» Task goal: All that is wanted is a word-for-word copy of the data from its first line to the line containing "Proof. exact: sqrtr_ge0. Qed.", both included.

» Extracted records:
Lemma dotp_ge0 u : 0 <= dotp u u.
Proof. by apply: sumr_ge0 => i _; rewrite -expr2 sqr_ge0. Qed.

Lemma dotp_eq0 u : (dotp u u == 0) = (u == 0).
Proof.
apply/idP/eqP => [|->]; last by rewrite dotp0l.
rewrite psumr_eq0 => [/allP u0|i _]; last by rewrite -expr2 sqr_ge0.
apply/rowP => i; rewrite mxE.
by have := u0 i (mem_index_enum _); rewrite -expr2 sqrf_eq0 => /eqP.
Qed.

Lemma enorm_ge0 u : 0 <= enorm u.
Proof. exact: sqrtr_ge0. Qed.

Lemma enorm_sqr u : enorm u ^+ 2 = dotp u u.
Proof. by rewrite sqr_sqrtr // dotp_ge0. Qed.

Lemma enormZ (l : R) u : enorm (l *: u) = `|l| * enorm u.
Proof.
by rewrite /enorm dotpZl dotpZr mulrA -expr2 sqrtrM ?sqr_ge0 // sqrtr_sqr.
Qed.

Lemma enormN u : enorm (- u) = enorm u.
Proof. by rewrite -scaleN1r enormZ normrN normr1 mul1r. Qed.

Lemma enormB u v : enorm (u - v) = enorm (v - u).
Proof. by rewrite -enormN opprB. Qed.

Lemma enorm0 : enorm (0 : 'rV[R]_n) = 0.
Proof. by rewrite /enorm dotp0l sqrtr0. Qed.

Lemma dotp_sqr_le u v : dotp u v ^+ 2 <= dotp u u * dotp v v.
Proof.
have [/eqP|u0] := eqVneq (dotp u u) 0.
  by rewrite dotp_eq0 => /eqP ->; rewrite !dotp0l expr0n mul0r.
have uu_gt0 : 0 < dotp u u by rewrite lt_def u0 dotp_ge0.
set t := dotp u v / dotp u u.
have tu : t * dotp u u = dotp u v by rewrite mulfVK.
have := dotp_ge0 (t *: u - v); rewrite !(dotpBl, dotpBr, dotpZl, dotpZr) (dotpC v u) -tu.
by move=> h; rewrite -(ler_pM2l uu_gt0); nra.
Qed.

Lemma dotp_le_enorm u v : dotp u v <= enorm u * enorm v.
Proof.
apply: le_trans (ler_norm _) _.
rewrite -(ler_pXn2r (_ : (0 < 2)%N)) ?nnegrE ?mulr_ge0 ?enorm_ge0 //.
by rewrite real_normK ?num_real // exprMn !enorm_sqr dotp_sqr_le.
Qed.

Lemma enormD u v : enorm (u + v) <= enorm u + enorm v.
Proof.
rewrite -(ler_pXn2r (_ : (0 < 2)%N)) ?nnegrE ?addr_ge0 ?enorm_ge0 //.
rewrite enorm_sqr dotpDl !dotpDr sqrrD !enorm_sqr (dotpC v u).
have := dotp_le_enorm u v; lra.
Qed.

Lemma enorm_triangle u v w : enorm (u - w) <= enorm (u - v) + enorm (v - w).
Proof.
have -> : u - w = (u - v) + (v - w) by rewrite addrA subrK.
exact: enormD.
Qed.

End Euclidean.

Section Compact.
Variables (R : realType) (Z : topologicalType) (T : set Z).

Lemma within_continuous_slice (X U : topologicalType) (G : Z * X -> U) x :
  {within T `*` setT, continuous G} -> {within T, continuous (fun t => G (t, x))}.
Proof.
move=> /subspace_continuousP Gc; apply/subspace_continuousP => t Tt.
apply: cvg_trans (Gc (t, x) (conj Tt I)) => B /= [[P Q] [Pt Qx] PQB].
by apply: filterS Pt => s Ps Ts; apply: PQB; split => //=; exact: nbhs_singleton.
Qed.

Lemma compact_continuous_bounded (h : Z -> R) : compact T ->
  {within T, continuous h} -> exists M, forall t, T t -> `|h t| <= M.
Proof.
move=> cT hc; have [->|/set0P T0] := eqVneq T set0; first by exists 0.
have [|c _ cmax] := compact_EVT_max (f := fun t => `|h t|) T0 cT.
  by move=> x; apply: cvg_norm; exact: hc.
by exists `|h c| => t Tt; apply: cmax; rewrite inE.
Qed.

Lemma compact_continuous_pos_lbound (h : Z -> R) : compact T ->
  {within T, continuous h} -> (forall t, T t -> 0 < h t) ->
  exists2 e, 0 < e & forall t, T t -> e <= h t.
Proof.
move=> cT hc h_gt0; have [->|/set0P T0] := eqVneq T set0; first by exists 1.
have [c Tc cmin] := compact_EVT_min T0 cT hc.
by exists (h c) => [|t Tt]; [apply: h_gt0; move: Tc; rewrite inE | apply: cmin; rewrite inE].
Qed.

End Compact.

Lemma continuous_sum (K : numFieldType) (T : topologicalType) (U : normedModType K)
    (I : Type) (r : seq I) (F : I -> T -> U) :
  (forall i, continuous (F i)) -> continuous (fun x => \sum_(i <- r) F i x).
Proof.
move=> Fc; elim: r => [|i r IH] x.
  by under eq_fun do rewrite big_nil; exact: cst_continuous.
by under eq_fun do rewrite big_cons; apply: continuousD; [exact: Fc | exact: IH].
Qed.

Lemma mx_coord_continuous (T : topologicalType) a b (i : 'I_a) (j : 'I_b) :
  continuous (fun M : 'M[T]_(a, b) => M i j).
Proof.
move=> M B /= MB; exists (fun i' j' => if (i' == i) && (j' == j) then B else setT).
  by move=> i' j'; case: ifP => [/andP[/eqP -> /eqP ->]//|_]; exact: filterT.
by move=> N /(_ i j); rewrite !eqxx.
Qed.

Lemma continuous_row (T : topologicalType) (K : numFieldType) k (F : T -> 'rV[K]_k) :
  (forall j, continuous (fun t => F t 0 j)) -> continuous F.
Proof.
move=> Fc; have -> : F = fun t => \sum_j F t 0 j *: delta_mx 0 j.
  by apply/funext => t; exact: row_sum_delta.
by apply: continuous_sum => j t; apply: continuousZ; [exact: Fc | exact: cst_continuous].
Qed.

Section SetDist.
Variables (R : realType) (X : Type) (d : X -> X -> R).
Hypothesis d_ge0 : forall x y, 0 <= d x y.

Lemma set_dist_ge0 x A : 0 <= set_dist d x A.
Proof.
have [->|/set0P [a Aa]] := eqVneq A set0; first by rewrite /set_dist image_set0 inf0.
by apply: lb_le_inf; [exists (d x a), a | move=> _ [y _ <-]].
Qed.

Lemma set_dist_le x A a : A a -> set_dist d x A <= d x a.
Proof. by move=> Aa; apply: ge_inf; [exists 0 => _ [y _ <-] | exists a]. Qed.

End SetDist.

Section SupNorm.
Variables (R : realType) (Z : metricType R) (T : set Z).
Implicit Types b : Z -> R.

Lemma supnormT_ge0 b : 0 <= supnormT T b.
Proof.
rewrite /supnormT; case: (pselect (has_sup [set `|b t| | t in T])) => [hs|/sup_out ->//].
have [[_ [t Tt _]] _] := hs.
by apply: le_trans (normr_ge0 (b t)) _; apply: sup_upper_bound => //; exists t.
Qed.

Lemma ler_supnormT b t : compact T -> is_CT T b -> T t -> `|b t| <= supnormT T b.
Proof.
move=> cT bc Tt; have [M bM] := compact_continuous_bounded cT bc.
by apply: ub_le_sup; [exists M => _ [s Ts <-]; exact: bM | exists t].
Qed.

Lemma supnormT_le b M : 0 <= M -> (forall t, T t -> `|b t| <= M) -> supnormT T b <= M.
Proof.
move=> M0 bM; have [->|/set0P [t Tt]] := eqVneq T set0.
  by rewrite /supnormT image_set0 sup0.
by apply: ge_sup; [exists `|b t|, t | move=> _ [s Ts <-]; exact: bM].
Qed.

Lemma is_CT_cst (r : R) : is_CT T (fun=> r).
Proof. by move=> x; exact: cvg_cst. Qed.

Lemma is_CTD b b' : is_CT T b -> is_CT T b' -> is_CT T (b \+ b').
Proof. by move=> bc b'c x; apply: cvgD; [exact: bc | exact: b'c]. Qed.

Lemma is_CTB b b' : is_CT T b -> is_CT T b' -> is_CT T (b \- b').
Proof. by move=> bc b'c x; apply: cvgB; [exact: bc | exact: b'c]. Qed.

Lemma is_CT_max b b' : is_CT T b -> is_CT T b' -> is_CT T (fun t => Num.max (b t) (b' t)).
Proof. by move=> bc b'c x; exact: (@continuous_max _ (subspace T) b b' x (bc x) (b'c x)). Qed.

End SupNorm.

Lemma ler_powRl (R : realType) (q a b : R) : 0 <= q -> 0 <= a -> a <= b -> a `^ q <= b `^ q.
Proof. by move=> q0 a0 ab; apply: ge0_ler_powR; rewrite ?nnegrE // (le_trans a0). Qed.

Lemma le0_of_le_scale (R : realFieldType) (a b : R) :
  (forall s, 0 < s -> s <= 1 -> a <= s * b) -> a <= 0.
Proof.
move=> a_le; rewrite leNgt; apply/negP => a_gt0.
have ab_gt0 : 0 < a + `|b| by rewrite ltr_pwDl.
set s := a / (a + `|b|).
have s_gt0 : 0 < s by rewrite divr_gt0.
have s_le1 : s <= 1 by rewrite ler_pdivrMr // mul1r lerDl.
have sab : s * (a + `|b|) = a by rewrite mulfVK ?gt_eqF.
have := a_le s s_gt0 s_le1; have := ler_wpM2l (ltW s_gt0) (ler_norm b); nra.
Qed.

Definition error_bound (R : realType) n (h : 'rV[R]_n -> R) (q : R) (xbar : 'rV[R]_n) :=
  exists tau : R, 0 < tau /\ exists delta : R, 0 < delta /\
    forall x, enorm (x - xbar) < delta ->
      tau * set_dist (@eucl_dist R n) x [set y | h y <= 0] <= powR (Num.max (h x) 0) q.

» Exercise result:
Lemma dotp_ge0 u : 0 <= dotp u u.
Proof. by apply: sumr_ge0 => i _; rewrite -expr2 sqr_ge0. Qed.

Lemma dotp_eq0 u : (dotp u u == 0) = (u == 0).
Proof.
apply/idP/eqP => [|->]; last by rewrite dotp0l.
rewrite psumr_eq0 => [/allP u0|i _]; last by rewrite -expr2 sqr_ge0.
apply/rowP => i; rewrite mxE.
by have := u0 i (mem_index_enum _); rewrite -expr2 sqrf_eq0 => /eqP.
Qed.

Lemma enorm_ge0 u : 0 <= enorm u.
Proof. exact: sqrtr_ge0. Qed.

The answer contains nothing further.